Donor Stem Cell Transplant in Treating Young Patients With Acute Myeloid Leukemia With Monosomy 7, -5/5q-, High FLT3-ITD AR, or Refractory or Relapsed Acute Myelogenous Leukemia
RATIONALE: Giving chemotherapy before a donor stem cell transplant using stem cells that closely match the patient's stem cells, helps stop the growth of cancer cells. It also stops the patient's immune system from rejecting the donor's stem cells. The donated stem cells may replace the patient's immune cells and help destroy any remaining cancer cells (graft-versus-tumor effect). Sometimes the transplanted cells from a donor can also make an immune response against the body's normal cells. Giving antithymocyte globulin before transplant and cyclosporine, tacrolimus, and methotrexate before and after transplant may stop this from happening.
PURPOSE: This phase II trial is studying donor stem cell transplant to see how well it works in treating young patients with acute myeloid leukemia with monosomy 7, -5/5q-, high FLT3-ITD AR, or refractory or relapsed acute myelogenous leukemia.
Biological: anti-thymocyte globulin
Other: laboratory biomarker analysis
Other: pharmacological study
Procedure: allogeneic bone marrow transplantation
Procedure: umbilical cord blood transplantation
|Study Design:||Masking: Open Label
Primary Purpose: Treatment
|Official Title:||Killer Immunoglobulin-like Receptor (KIR) Incompatible Unrelated Donor Hematopoietic Cell Transplantation (SCT) for AML With Monosomy 7, -5/5q-, High FLT3-ITD AR, or Refractory and Relapsed Acute Myelogenous Leukemia (AML) in Children: A Children's Oncology Group (COG) Study|
- Overall survival [ Designated as safety issue: No ]
- Disease-free survival [ Designated as safety issue: No ]
- Acute and chronic graft-versus-host disease [ Designated as safety issue: No ]
- Relapse [ Designated as safety issue: No ]
- Transplant-related mortality [ Designated as safety issue: No ]
- Time to NK cell reconstitution [ Designated as safety issue: No ]
- Time to the donor-specific NK-cell receptor expression [ Designated as safety issue: No ]
- Cumulative incidence of donor-receptor reconstitution [ Designated as safety issue: No ]
|Study Start Date:||January 2008|
|Estimated Primary Completion Date:||June 2016 (Final data collection date for primary outcome measure)|
- To define the relationship between the status of donor NK-cell receptor and patient outcomes after killer immunoglobulin-like receptor-incompatible unrelated donor (URD) and umbilical cord blood (UCB) hematopoietic cell transplantation (HCT) in young patients with acute myeloid leukemia with monosomy 7, -5/5q-, high FLT3 internal tandem duplication allelic ratio (High-FLT3-ITD AR), or refractory or relapsed acute myelogenous leukemia.
- To correlate the relationships between factors affecting NK receptor status and clinical events.
- To assess NK-cell development after URD and UCB HCT in patients with poor prognosis AML.
- To evaluate NK-cell reconstitution and receptor-acquisition pattern in these patients.
OUTLINE: This is a multicenter study.
Preparative regimen: Patients receive 1 of the following regimens:
- Hematopoietic stem cell transplantation (SCT): Patients receive busulfan IV every 6 hours on days -9 to -6, high-dose cyclophosphamide IV over 1 hour on days -5 to -2, anti-thymocyte globulin IV once or twice daily over 4 hours on days -3 to -1, and methylprednisolone IV on days -3 to -1.
- Umbilical cord blood (UCB) transplantantation: Conditioning regimen, infusion procedures, and post-transplant immunoprophylaxis for patients with an UCB donor are according to institutional guidelines and standards.
- Allogeneic hematopoietic stem cell transplantation (SCT) or umbilical cord blood (UCB) transplant: Patients undergo allogeneic SCT or UCB transplant on day 0.
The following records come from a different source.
Lemma gamma_edge_swap x x' y : [set x; x'] \in E ->
  [set x; x'] \in edges_of (gamma E x y) -> [set x; x'] \notin edges_of (gamma E x' y).
Proof.
move=> xx'_E xx'_in; have x_x' := edge_neq xx'_E.
have := gamma_uniq x y; have := gamma_path x y; have := gamma_last x y.
have [[|b t] xy] := gamma_head_ex x y; rewrite xy in xx'_in * => //.
move=> xy_last xy_path xy_uniq.
have b_x' : b = x'.
  move: (edges_of_head xy_uniq xx'_in (setU11 _ _)) => /setP /(_ x'); rewrite !inE eqxx orbT.
  by rewrite eq_sym (negbTE x_x') => /esym /eqP.
subst b; have -> : gamma E x' y = x' :: t.
  by apply: gammaE; rewrite /path_from (@is_path_suffix _ _ [:: x]) //= -xy_last /= !eqxx.
apply/negP => /mem_edges_of /(_ (setU11 _ _)).
by move: xy_uniq; rewrite cons_uniq => /andP[/negP].
Qed.

Lemma mem_edges_gamma_swap x x' y : [set x; x'] \in E ->
  ([set x; x'] \in edges_of (gamma E x y)) = ([set x; x'] \notin edges_of (gamma E x' y)).
Proof.
move=> xx'_E; apply/idP/idP; first exact: gamma_edge_swap.
move=> notin; rewrite (gamma_cons xx'_E notin); have [t ->] := gamma_head_ex x' y.
by rewrite edges_of_cons2 mem_head.
Qed.

Lemma gamma_rcons v x c : [set x; c] \in E ->
  [set x; c] \notin edges_of (gamma E v x) -> gamma E v c = rcons (gamma E v x) c.
Proof.
move=> xc_E notin; apply: gammaE.
have := gamma_path v x; have := gamma_last v x; have [t vx] := gamma_head_ex v x.
rewrite vx in notin * => /= vx_last.
rewrite /path_from /is_path edges_of_rcons vx_last all_rcons rcons_uniq xc_E notin /=.
by move=> ->; rewrite last_rcons !eqxx.
Qed.

Lemma mem_edges_gamma_last v x x' eps : [set x; x'] \in E -> x \in gamma E v x' ->
  eps \in E -> x' \in eps -> (eps \in edges_of (gamma E v x')) = (eps == [set x; x']).
Proof.
move=> xx'_E x_in eps_E x'_eps.
move: (gamma_path v x') (gamma_last v x') (gamma_uniq v x').
case/splitPr: x_in => s1 s2 vx'_path vx'_last.
have -> : x :: s2 = [:: x; x'].
  rewrite -(gamma_edge xx'_E); symmetry; apply: gammaE.
  rewrite /path_from (is_path_suffix vx'_path) //= eqxx /=.
  by move: vx'_last; rewrite last_cat /= => ->.
have [a [r [s1x_eq r_last]]] : exists a r, s1 ++ [:: x] = a :: r /\ last a r = x.
  case: s1 {vx'_path vx'_last} => [|a r]; first by exists x, [::].
  by exists a, (r ++ [:: x]); rewrite last_cat.
have -> : s1 ++ [:: x; x'] = rcons (a :: r) x' by rewrite -s1x_eq -cats1 -catA.
rewrite edges_of_rcons r_last mem_rcons inE rcons_uniq => /andP[x'_notin _].
have [-> | _] //= := eqVneq eps [set x; x'].
by apply: contraNF x'_notin => /mem_edges_of; apply.
Qed.

Definition child_edges x x' := [set eps in E | (x' \in eps) && (eps != [set x; x'])].

Definition branch x x' := [set y | [set x; x'] \in edges_of (gamma E x y)].

Lemma child_edge_gamma x x' y : [set x; x'] \in E -> y != x' ->
  [set x; x'] \in edges_of (gamma E x y) ->
  exists2 eps, eps \in child_edges x x' & eps \in edges_of (gamma E x' y).
Proof.
move=> xx'_E y_x' /(gamma_edge_swap xx'_E) notin.
have := gamma_path x' y; have := gamma_last x' y.
have [t x'y] := gamma_head_ex x' y; rewrite x'y in notin *.
case: t {x'y} notin => [|b t] notin /= last_y x'y_path; first by rewrite last_y eqxx in y_x'.
exists [set x'; b]; last by rewrite edges_of_cons2 mem_head.
have x'b_E : [set x'; b] \in E.
  by move: x'y_path => /andP[/andP[_ /allP all_E] _]; apply: all_E; rewrite edges_of_cons2 mem_head.
rewrite inE setU11 x'b_E /=.
by apply: contraNneq notin => <-; rewrite edges_of_cons2 mem_head.
Qed.
(* Suppose a Tychonoff space $X$ with $nw(X)\leq\mathfrak c$ contains a dense subspace which is a Lindelöf $\Sigma$-space. Then $|C(X)|\leq\mathfrak c$, $w(X)\leq\mathfrak c$, and the Stone–Čech compactification satisfies $w(\beta X)\leq\mathfrak c$.
   Context: $C(X)$ is the set of continuous real-valued functions on $X$; $nw$ network weight, $w$ weight, $\mathfrak c=2^\omega$. The Nagami number $Nag(Y)$ of a Tychonoff space $Y$ is the minimal cardinality of a family $\mathcal F$ of closed subsets of $\beta Y$ such that for every $y\in Y$ and $z\in\beta Y\setminus Y$ there is $F\in\mathcal F$ with $y\in F$, $z\notin F$; $Y$ is a Lindelöf $\Sigma$-space if $Nag(Y)\leq\omega$. *)

From Stdlib Require Import Reals List.
Open Scope R_scope.

Record Top := {
  pt :> Type;
  isopen : (pt -> Prop) -> Prop;
  open_full : isopen (fun _ => True);
  open_inter : forall U V, isopen U -> isopen V -> isopen (fun x => U x /\ V x);
  open_union : forall F : (pt -> Prop) -> Prop,
      (forall U, F U -> isopen U) -> isopen (fun x => exists U, F U /\ U x)
}.

Definition isclosed (X : Top) (F : X -> Prop) : Prop := isopen X (fun x => ~ F x).

Definition card_le_c (I : Type) : Prop :=
  exists f : I -> (nat -> bool), forall a b, f a = f b -> a = b.
Definition countable (I : Type) : Prop :=
  exists f : I -> nat, forall a b, f a = f b -> a = b.

Definition continuous (X Y : Top) (f : X -> Y) : Prop :=
  forall V, isopen Y V -> isopen X (fun x => V (f x)).

Definition continuous_R (X : Top) (f : X -> R) : Prop :=
  forall x eps, 0 < eps ->
    exists U, isopen X U /\ U x /\ forall y, U y -> Rabs (f y - f x) < eps.

Definition CX (X : Top) : Type := { f : X -> R | continuous_R X f }.

Definition bounded (X : Top) (f : X -> R) : Prop :=
  exists M, forall x, Rabs (f x) <= M.

Definition T1 (X : Top) : Prop :=
  forall x y : X, x <> y -> exists U, isopen X U /\ U x /\ ~ U y.
Definition hausdorff (X : Top) : Prop :=
  forall x y : X, x <> y -> exists U V, isopen X U /\ isopen X V /\ U x /\ V y /\
    forall z, ~ (U z /\ V z).
Definition completely_regular (X : Top) : Prop :=
  forall (F : X -> Prop) (x : X), isclosed X F -> ~ F x ->
    exists f : X -> R, continuous_R X f /\ f x = 0 /\
      (forall y, F y -> f y = 1) /\ (forall y, 0 <= f y <= 1).
Definition tychonoff (X : Top) : Prop := T1 X /\ completely_regular X.

Definition compact (X : Top) : Prop :=
  forall F : (X -> Prop) -> Prop,
    (forall U, F U -> isopen X U) ->
    (forall x, exists U, F U /\ U x) ->
    exists l : list (X -> Prop), (forall U, In U l -> F U) /\
      (forall x, exists U, In U l /\ U x).

Definition nw_le_c (X : Top) : Prop :=
  exists (I : Type) (N : I -> X -> Prop), card_le_c I /\
    forall U x, isopen X U -> U x -> exists i, N i x /\ forall y, N i y -> U y.
Definition w_le_c (X : Top) : Prop :=
  exists (I : Type) (B : I -> X -> Prop), card_le_c I /\
    (forall i, isopen X (B i)) /\
    forall U x, isopen X U -> U x -> exists i, B i x /\ forall y, B i y -> U y.

Definition dense (X : Top) (D : X -> Prop) : Prop :=
  forall U, isopen X U -> (exists x, U x) -> exists x, U x /\ D x.

Section Sub.
Variables (X : Top) (D : X -> Prop).
Definition sub_open (W : {x | D x} -> Prop) : Prop :=
  exists U, isopen X U /\ forall y, W y <-> U (proj1_sig y).
Lemma sub_open_full : sub_open (fun _ => True).
Proof. exists (fun _ => True); split; [apply open_full | tauto]. Qed.
Lemma sub_open_inter : forall U V, sub_open U -> sub_open V ->
  sub_open (fun x => U x /\ V x).
Proof.
  intros U V [U' [HU EU]] [V' [HV EV]].
  exists (fun x => U' x /\ V' x); split; [apply open_inter; auto|].
  intro y; rewrite EU, EV; tauto.
Qed.
Lemma sub_open_union : forall F : ({x | D x} -> Prop) -> Prop,
  (forall U, F U -> sub_open U) -> sub_open (fun x => exists U, F U /\ U x).
Proof.
  intros F HF.
  exists (fun x => exists U, (isopen X U /\ exists W, F W /\
            forall y, W y <-> U (proj1_sig y)) /\ U x).
  split.
  - apply open_union; intros U [HU _]; exact HU.
  - intro y; split.
    + intros [W [FW Wy]]. destruct (HF W FW) as [U [HU EU]].
      exists U; split; [split; [exact HU | exists W; auto] | apply EU; exact Wy].
    + intros [U [[HU [W [FW EW]]] Uy]]. exists W; split; [exact FW | apply EW; exact Uy].
Qed.
Definition subspace : Top :=
  {| pt := {x | D x}; isopen := sub_open; open_full := sub_open_full;
     open_inter := sub_open_inter; open_union := sub_open_union |}.
End Sub.
(* There exists an instance with three agents $N=\{1,2,3\}$ and a finite item set $A$ in which all values $V_i(j,a)$ are nonnegative, together with a complete allocation that is envy-free but satisfies neither PROP-Max nor PROP-Ave.
   Context: Setting: agents $N=\{1,\dots,n\}$, finite item set $A$; a complete allocation $\pi$ partitions $A$ into bundles $\pi_1,\dots,\pi_n$; $\pi(a)$ is the agent receiving $a$; $V_i(j,a)\in\mathbb{R}$ is agent $i$'s value when item $a$ goes to agent $j$; $V_i(\pi)=\sum_{a\in A}V_i(\pi(a),a)$. $\pi^{i\leftrightarrow j}$ is $\pi$ with bundles of $i$ and $j$ swapped. $\pi$ is envy-free if there are no $i,j$ with $V_i(\pi^{i\leftrightarrow j})>V_i(\pi)$. With $V_i^{max}(a)=\max_{j\in N}V_i(j,a)$, $\pi$ satisfies PROP-Max if $V_i(\pi)\ge\frac1n\sum_{a\in A}V_i^{max}(a)$ for all $i$, and PROP-Ave if $V_i(\pi)\ge\frac1n\sum_{a\in A}\sum_{j\in N}V_i(j,a)$ for all $i$. *)

From HB Require Import structures.
From mathcomp Require Import all_boot all_order all_algebra.
From mathcomp Require Import Rstruct.
From Stdlib Require Import Reals.
Set Implicit Arguments. Unset Strict Implicit. Unset Printing Implicit Defensive.
Import Order.TTheory GRing.Theory Num.Theory.
Local Open Scope ring_scope.

(* V i j a = value of agent i when item a goes to agent j.
   A complete allocation is a function pi : A -> 'I_n (pi a = receiving agent);
   bundle pi_j = {a | pi a = j}. *)

Definition valuation (n : nat) (A : finType) := 'I_n -> 'I_n -> A -> R.
Definition allocation (n : nat) (A : finType) := {ffun A -> 'I_n}.

Definition util n (A : finType) (V : valuation n A) (i : 'I_n)
  (pi : allocation n A) : R :=
  \sum_(a : A) V i (pi a) a.

Definition swap_alloc n (A : finType) (pi : allocation n A) (i j : 'I_n)
  : allocation n A :=
  [ffun a => if pi a == i then j else if pi a == j then i else pi a].

Definition envy_free n (A : finType) (V : valuation n A) (pi : allocation n A)
  : Prop :=
  ~ (exists i j : 'I_n, util V i (swap_alloc pi i j) > util V i pi).

Definition Vmax n (A : finType) (V : valuation n A) (i : 'I_n) (a : A) : R :=
  (* max over j in N; seeded with V i i a, itself one of the terms *)
  \big[Num.max/V i i a]_(j : 'I_n) V i j a.

Definition PROP_Max n (A : finType) (V : valuation n A) (pi : allocation n A)
  : Prop :=
  forall i : 'I_n, util V i pi >= (n%:R)^-1 * \sum_(a : A) Vmax V i a.

Definition PROP_Ave n (A : finType) (V : valuation n A) (pi : allocation n A)
  : Prop :=
  forall i : 'I_n,
    util V i pi >= (n%:R)^-1 * \sum_(a : A) \sum_(j : 'I_n) V i j a.

From HB Require Import structures.
From mathcomp Require Import all_boot all_order all_algebra perm.
From mathcomp Require Import Rstruct.
From Stdlib Require Import Reals.
Import Order.TTheory GRing.Theory Num.Theory.
Local Open Scope ring_scope.

(* With externalities an agent may care only about who else receives an item.
   Give the single item to agent 0 and let agent 1 value it only in the hands
   of agent 2; agents 0 and 2 value nothing.  A swap involving agent 1 exchanges the bundles of 1 and some j,
   so it can move the item from agent 0 only to agent 1, never to agent 2:
   nobody envies.  Yet agent 1 gets 0 while her maximal value for the item is
   1, which violates PROP-Max, and PROP-Ave is stronger than PROP-Max for
   nonnegative values. *)

Section Proportionality.
Context {n : nat} {A : finType} {V : valuation n A}.
Hypothesis V_ge0 : forall i j a, 0 <= V i j a.

Lemma Vmax_ge i j a : V i j a <= Vmax V i a.
Proof. exact: le_bigmax. Qed.

Lemma Vmax_le_sum i a : Vmax V i a <= \sum_j V i j a.
Proof.
have term_le_sum j : V i j a <= \sum_k V i k a.
  by rewrite (bigD1 j) //= lerDl sumr_ge0.
exact: bigmax_le.
Qed.

Lemma PROP_Ave_PROP_Max pi : PROP_Ave V pi -> PROP_Max V pi.
Proof.
move=> propAve i; apply: le_trans (propAve i).
by rewrite ler_wpM2l ?invr_ge0 ?ler0n // ler_sum // => a _; exact: Vmax_le_sum.
Qed.

Lemma util0_not_PROP_Max pi i j a :
  util V i pi = 0 -> 0 < V i j a -> ~ PROP_Max V pi.
Proof.
move=> util0 Vij_gt0 /(_ i); rewrite util0 leNgt => /negP; apply.
have n_gt0 : (0 < n)%nat by apply: leq_ltn_trans (ltn_ord i).
have Vmax_ge0 b : 0 <= Vmax V i b := le_trans (V_ge0 i i b) (Vmax_ge i i b).
rewrite mulr_gt0 ?invr_gt0 ?ltr0n // (bigD1 a) //=.
apply: ltr_wpDr; first by apply: sumr_ge0.
exact: lt_le_trans Vij_gt0 (Vmax_ge i j a).
Qed.

End Proportionality.

Lemma swap_allocE n (A : finType) (pi : allocation n A) i j a :
  swap_alloc pi i j a = tperm i j (pi a).
Proof.
rewrite ffunE; case: tpermP => [->|->|/eqP/negPf-> /eqP/negPf->] //.
  by rewrite eqxx.
by rewrite eqxx; case: eqP.
Qed.

Lemma util_item1 n (V : valuation n 'I_1) i pi :
  util V i pi = V i (pi ord0) ord0.
Proof. by rewrite /util big_ord1. Qed.

Definition externality_valuation : valuation 3 'I_1 :=
  fun i j _ => if (i == 1) && (j == 2) then 1 else 0.

Definition alloc_to0 : allocation 3 'I_1 := [ffun => 0].

Lemma externality_valuation_ge0 i j a : 0 <= externality_valuation i j a.
Proof. by rewrite /externality_valuation; case: ifP; rewrite ?ler01. Qed.

Lemma envy_free_alloc_to0 : envy_free externality_valuation alloc_to0.
Proof.
move=> [i [j]]; rewrite !util_item1 swap_allocE ffunE /externality_valuation /= andbF.
case: ifP => [/andP[/eqP-> /eqP] | _]; last by rewrite ltxx.
by case: tpermP => // /(congr1 val).
Qed.

Lemma util_alloc_to0 : util externality_valuation 1 alloc_to0 = 0.
Proof. by rewrite util_item1 ffunE. Qed.

Theorem proposition3 :
  exists (A : finType) (V : valuation 3 A) (pi : allocation 3 A),
    (forall (i j : 'I_3) (a : A), 0 <= V i j a) /\
    envy_free V pi /\ ~ PROP_Max V pi /\ ~ PROP_Ave V pi.
Proof.
have notPROP_Max : ~ PROP_Max externality_valuation alloc_to0.
  apply: (util0_not_PROP_Max externality_valuation_ge0 _ 1 2 ord0 util_alloc_to0).
  by rewrite /externality_valuation /= ltr01.
exists 'I_1, externality_valuation, alloc_to0; split; first exact: externality_valuation_ge0.
split; first exact: envy_free_alloc_to0.
by split=> // /(PROP_Ave_PROP_Max externality_valuation_ge0).
Qed.
Definition pbin {k} (tag : nat) (x y : PR k) : PR k := pcpair (pconst tag k) (pcpair x y).
Lemma run_pbin {k} tag (x y : PR k) v :
  run (pbin tag x y) v = cpair tag (cpair (run x v) (run y v)).
Proof. unfold pbin. simpl_run. reflexivity. Qed.

Definition pFAll {k} (x : PR k) : PR k := pcpair (pconst 6 k) x.
Lemma run_pFAll {k} (x : PR k) v : run (pFAll x) v = cpair 6 (run x v).
Proof. unfold pFAll. simpl_run. reflexivity. Qed.

Definition pformula {k} (X : formula) : PR k := pconst (code X) k.
Lemma run_pformula {k} X v : run (@pformula k X) v = code X.
Proof. apply run_pconst. Qed.

Global Opaque pbin pFAll pformula.
Global Hint Rewrite @run_pbin @run_pFAll @run_pformula : run.

Notation pFLe := (pbin 1).
Notation pFImp := (pbin 3).
Notation pFAnd := (pbin 4).
Notation pFNeg x := (pbin 3 x (pformula FBot)).

Definition shift_args np : list (PR (S (S np))) :=
  proj 0 (S (S np)) :: map (fun j => proj (S (S j)) (S (S np))) (seq 0 np).

Lemma length_shift_args np : length (shift_args np) = S np.
Proof. simpl. rewrite length_map, length_seq. reflexivity. Qed.

Lemma run_shift_args np i r w : length w = np ->
  map (fun g => run g (i :: r :: w)) (shift_args np) = i :: w.
Proof.
  intros <-. simpl. rewrite run_proj by lia. f_equal. rewrite map_map.
  transitivity (map (fun j => w # j) (seq 0 (length w))).
  - apply map_ext_in. intros j Hj. apply in_seq in Hj. rewrite run_proj by lia. reflexivity.
  - clear. induction w as [|x w IH]; [reflexivity|].
    simpl. f_equal. rewrite <- seq_shift, map_map. exact IH.
Qed.

(* In the recursion the arguments are [i :: acc :: w]; [shift_args] drops [acc] to call [G]. *)
Definition pbig (tag : nat) (unit : formula) np (G : PR (S np)) : PR (S np) :=
  prec (pformula unit)
       (pbin tag (pcomp G (shift_args np) (length_shift_args np)) (proj 1 (S (S np)))).

Lemma run_pbig op unit tag np (G : PR (S np)) (F : nat -> formula) w :
  (forall X Y, code (op X Y) = cpair tag (cpair (code X) (code Y))) ->
  length w = np -> (forall i, run G (i :: w) = code (F i)) ->
  forall m, run (pbig tag unit np G) (m :: w) = code (big op unit m F).
Proof.
  intros Hop Hw HG m. unfold pbig. induction m; simpl_run; [reflexivity|].
  rewrite run_pcomp, run_shift_args, HG, IHm by exact Hw. symmetry. apply Hop.
Qed.

Definition pBigAnd np (G : PR (S np)) : PR (S np) := pbig 4 FTop np G.
Definition pBigOr np (G : PR (S np)) : PR (S np) := pbig 5 FBot np G.

Lemma run_pBigAnd np (G : PR (S np)) F w m : length w = np ->
  (forall i, run G (i :: w) = code (F i)) -> run (pBigAnd np G) (m :: w) = code (BigAnd m F).
Proof. intros. apply run_pbig; auto. Qed.

Lemma run_pBigOr np (G : PR (S np)) F w m : length w = np ->
  (forall i, run G (i :: w) = code (F i)) -> run (pBigOr np G) (m :: w) = code (BigOr m F).
Proof. intros. apply run_pbig; auto. Qed.

Global Opaque pBigAnd pBigOr.

Definition pFLe_pol {k} (fl : bool) (x y : PR k) : PR k :=
  if fl then pFLe y x else pFLe x y.
Lemma run_pFLe_pol {k} fl (x y : PR k) v :
  run (pFLe_pol fl x y) v = code (FLe_pol fl (run x v) (run y v)).
Proof. destruct fl; simpl; simpl_run; reflexivity. Qed.
Global Opaque pFLe_pol. Global Hint Rewrite @run_pFLe_pol : run.

Definition pglb_formula (fl : bool) : PR 3 :=
  pFAnd
    (pBigAnd 2 (pite (ptestbit (proj 2 3) (proj 0 3))
                     (pFLe_pol fl (proj 1 3) (proj 0 3)) (pformula FTop)))
    (pFAll (pFImp
       (comp2 (pBigAnd 1 (pite (ptestbit (proj 1 2) (proj 0 2))
                               (pFLe_pol fl (pconst 0 2) (psucc (proj 0 2))) (pformula FTop)))
              (proj 0 3) (proj 2 3))
       (pFLe_pol fl (pconst 0 3) (psucc (proj 1 3))))).

Lemma run_pglb_formula fl N k L :
  run (pglb_formula fl) [N; k; L] = code (glb_formula fl N k L).
Proof.
  unfold pglb_formula, glb_formula. simpl_run.
  erewrite run_pBigAnd, run_pBigAnd; [reflexivity| | | |];
    try reflexivity; intros l; simpl_run; case_bools; reflexivity.
Qed.
Global Opaque pglb_formula. Global Hint Rewrite run_pglb_formula : run.

Definition pavoid_formula (fl : bool) (c : cardp) : PR 2 :=
  let test : PR 4 :=
    pand (pand (comp1 (plt_card c) (comp2 ppopcount (proj 1 4) (proj 0 4)))
               (comp3 (pall_bits fl) (proj 1 4) (proj 0 4) (proj 2 4)))
         (pnot (ptestbit_pol fl (proj 2 4) (proj 3 4))) in
  let row : PR 4 :=
    pite test (pFNeg (comp3 (pglb_formula fl) (proj 1 4) (proj 3 4) (proj 0 4))) (pformula FTop) in
  comp3 (pBigAnd 2 (comp4 (pBigAnd 3 row)
                          (comp1 ppow2 (proj 1 3)) (proj 1 3) (proj 2 3) (proj 0 3)))
        (proj 0 2) (proj 0 2) (proj 1 2).

Lemma run_pavoid_formula fl c N a :
  run (pavoid_formula fl c) [N; a] = code (avoid_formula fl c N a).
Proof.
  unfold pavoid_formula, avoid_formula. simpl_run.
  erewrite run_pBigAnd; [reflexivity|reflexivity|]. intros k. simpl_run.
  erewrite run_pBigAnd; [reflexivity|reflexivity|]. intros L. simpl_run.
  case_bools; reflexivity.
Qed.
Global Opaque pavoid_formula. Global Hint Rewrite run_pavoid_formula : run.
- Graft-vs-host disease (GVHD) prophylaxis: Patients receive cyclosporine or tacrolimus IV or orally beginning on day -2 and continuing until day 50, followed by a taper until week 24. Patients also receive methotrexate IV on days 1, 3, 6, and 11.
Blood samples will be collected periodically from both patients and donors for studies of natural killer cells in support of the study objectives.
After completion of study treatment, patients are followed every 6 months for 2 years and then annually for 3 years.